=== Records supplied ===
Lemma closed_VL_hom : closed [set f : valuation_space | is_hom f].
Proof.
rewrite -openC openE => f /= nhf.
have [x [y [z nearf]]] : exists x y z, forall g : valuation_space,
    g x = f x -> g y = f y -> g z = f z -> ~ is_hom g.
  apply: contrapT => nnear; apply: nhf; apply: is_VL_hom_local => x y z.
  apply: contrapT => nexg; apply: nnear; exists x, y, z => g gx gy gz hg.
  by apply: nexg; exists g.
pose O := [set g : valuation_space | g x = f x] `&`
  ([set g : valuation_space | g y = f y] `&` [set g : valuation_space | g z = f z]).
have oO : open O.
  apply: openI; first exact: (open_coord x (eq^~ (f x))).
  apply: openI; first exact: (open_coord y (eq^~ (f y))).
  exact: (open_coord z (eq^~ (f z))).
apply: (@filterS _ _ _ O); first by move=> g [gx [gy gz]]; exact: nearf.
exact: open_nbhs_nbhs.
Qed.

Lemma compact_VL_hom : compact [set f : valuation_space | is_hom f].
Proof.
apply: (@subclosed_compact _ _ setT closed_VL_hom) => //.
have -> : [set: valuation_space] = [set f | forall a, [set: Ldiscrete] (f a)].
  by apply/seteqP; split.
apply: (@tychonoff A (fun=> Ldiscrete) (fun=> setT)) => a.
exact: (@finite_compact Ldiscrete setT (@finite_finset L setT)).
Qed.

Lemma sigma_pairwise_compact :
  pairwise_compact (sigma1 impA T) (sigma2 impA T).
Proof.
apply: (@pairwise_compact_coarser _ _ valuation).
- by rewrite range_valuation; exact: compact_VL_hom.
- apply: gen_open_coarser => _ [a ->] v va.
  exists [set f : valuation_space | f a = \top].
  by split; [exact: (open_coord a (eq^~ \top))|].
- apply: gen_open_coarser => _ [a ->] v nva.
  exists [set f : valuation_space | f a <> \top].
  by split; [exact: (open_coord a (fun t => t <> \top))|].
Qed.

=== Work to complete ===
Copy each line of the listing verbatim.

=== Exercise response ===
Lemma closed_VL_hom : closed [set f : valuation_space | is_hom f].
Proof.
rewrite -openC openE => f /= nhf.
have [x [y [z nearf]]] : exists x y z, forall g : valuation_space,
    g x = f x -> g y = f y -> g z = f z -> ~ is_hom g.
  apply: contrapT => nnear; apply: nhf; apply: is_VL_hom_local => x y z.
  apply: contrapT => nexg; apply: nnear; exists x, y, z => g gx gy gz hg.
  by apply: nexg; exists g.
pose O := [set g : valuation_space | g x = f x] `&`
  ([set g : valuation_space | g y = f y] `&` [set g : valuation_space | g z = f z]).
have oO : open O.
  apply: openI; first exact: (open_coord x (eq^~ (f x))).
  apply: openI; first exact: (open_coord y (eq^~ (f y))).
  exact: (open_coord z (eq^~ (f z))).
apply: (@filterS _ _ _ O); first by move=> g [gx [gy gz]]; exact: nearf.
exact: open_nbhs_nbhs.
Qed.

Lemma compact_VL_hom : compact [set f : valuation_space | is_hom f].
Proof.
apply: (@subclosed_compact _ _ setT closed_VL_hom) => //.
have -> : [set: valuation_space] = [set f | forall a, [set: Ldiscrete] (f a)].
  by apply/seteqP; split.
apply: (@tychonoff A (fun=> Ldiscrete) (fun=> setT)) => a.
exact: (@finite_compact Ldiscrete setT (@finite_finset L setT)).
Qed.

Lemma sigma_pairwise_compact :
  pairwise_compact (sigma1 impA T) (sigma2 impA T).
Proof.
apply: (@pairwise_compact_coarser _ _ valuation).
- by rewrite range_valuation; exact: compact_VL_hom.
- apply: gen_open_coarser => _ [a ->] v va.
  exists [set f : valuation_space | f a = \top].
  by split; [exact: (open_coord a (eq^~ \top))|].
- apply: gen_open_coarser => _ [a ->] v nva.
  exists [set f : valuation_space | f a <> \top].
  by split; [exact: (open_coord a (fun t => t <> \top))|].
Qed.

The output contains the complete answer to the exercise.